Lemma ergodic_means_eq : ergodic (root_set E) E ->
  forall x, inI I x -> lower_mean x = upper_mean x.
Proof.
move=> erg x Ix; have [r0 _ [N walk_N]] := ergodic_primitive erg.
have [y cl_y] := orbit_cluster_exists Ix.
have Iy := orbit_cluster_inI Ix cl_y.
have cl_iter m := orbit_cluster_iter m Ix cl_y.
have [i1 min_i1] := vminP p_gt0 (iter N F y).
have [i2 max_i2] := vmaxP p_gt0 (iter N F y).
have <- : y r0 = lower_mean x.
  apply: (walkn_iter_extremal Iy _ (walk_N N (leqnn N) i1)).
    by left=> m j; rewrite -(orbit_cluster_vmin Ix (cl_iter m)); apply: vmin_le.
  by rewrite -min_i1 (orbit_cluster_vmin Ix (cl_iter N)).
apply: (walkn_iter_extremal Iy _ (walk_N N (leqnn N) i2)).
  by right=> m j; rewrite -(orbit_cluster_vmax Ix (cl_iter m)); apply: vmax_ge.
by rewrite -max_i2 (orbit_cluster_vmax Ix (cl_iter N)).
Qed.

Lemma iter_cst_on (S : nat -> 'I_p -> Prop) c x : inI I x ->
  (forall n u v, E u v -> S n.+1 v -> S n u) -> (forall v, S 0%N v -> x v = c) ->
  forall n v, S n v -> iter n F x v = c.
Proof.
move=> Ix S_pred x_c; elim=> [|n IHn] v Sv; first exact: x_c.
rewrite iterS /Malpha; apply: (mean_cst (d_gt0 v) (@M_mean v)) => [j|j]; first exact: inI_iter.
by apply: IHn; apply: S_pred Sv; apply/existsP; exists j.
Qed.

Lemma separated_orbit_means x al be :
  (forall n, exists v, iter n F x v = al) -> (forall n, exists v, iter n F x v = be) ->
  lower_mean x <= al /\ be <= upper_mean x.
Proof.
move=> lo hi; split; [apply: lower_mean_le | apply: le_upper_mean] => n.
  by have [v <-] := lo n; apply: vmin_le.
by have [v <-] := hi n; apply: vmax_ge.
Qed.

Lemma means_eq_root_connect : (forall x, inI I x -> lower_mean x = upper_mean x) ->
  forall a b, a \in root_set E -> b \in root_set E -> connect E a b.
Proof.
move=> eq_means a b aV bV; apply: contrapT => nab.
have [al [be [Ial [Ibe al_lt_be]]]] := I_interval.2.
pose x v := if v \in scc E a then al else be.
have Ix : inI I x by move=> v; rewrite /x; case: ifP.
have x_on (S : {set 'I_p}) c : (forall u v, E u v -> v \in S -> u \in S) ->
    (forall v, v \in S -> x v = c) -> forall n v, v \in S -> iter n F x v = c.
  by move=> S_pred Sc; apply: (iter_cst_on (S := fun _ v => v \in S)) => // n; apply: S_pred.
have [] := separated_orbit_means (x := x) (al := al) (be := be) => [n|n|lo hi].
- exists a; apply: (x_on (scc E a)) => [u v Euv|v va|]; last exact: scc_refl.
    exact: root_scc_pred aV Euv.
  by rewrite /x va.
- exists b; apply: (x_on (scc E b)) => [u v Euv|v vb|]; last exact: scc_refl.
    exact: root_scc_pred bV Euv.
  rewrite /x ifF //; apply/negP => va; apply: nab.
  by move: va vb; rewrite !inE => /andP[_ av] /andP[vb _]; apply: connect_trans av vb.
- by have := eq_means x Ix; lra.
Qed.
__________________________________________________
_Problem to solve_:
In your answer, include only the lines above starting at the line that holds "by have [v <-] := hi n; apply: vmax_ge." and ending at the line that holds "have [al [be", copied exactly.

_Answer to this exercise_:
by have [v <-] := hi n; apply: vmax_ge.
Qed.

Lemma means_eq_root_connect : (forall x, inI I x -> lower_mean x = upper_mean x) ->
  forall a b, a \in root_set E -> b \in root_set E -> connect E a b.
Proof.
move=> eq_means a b aV bV; apply: contrapT => nab.
have [al [be [Ial [Ibe al_lt_be]]]] := I_interval.2.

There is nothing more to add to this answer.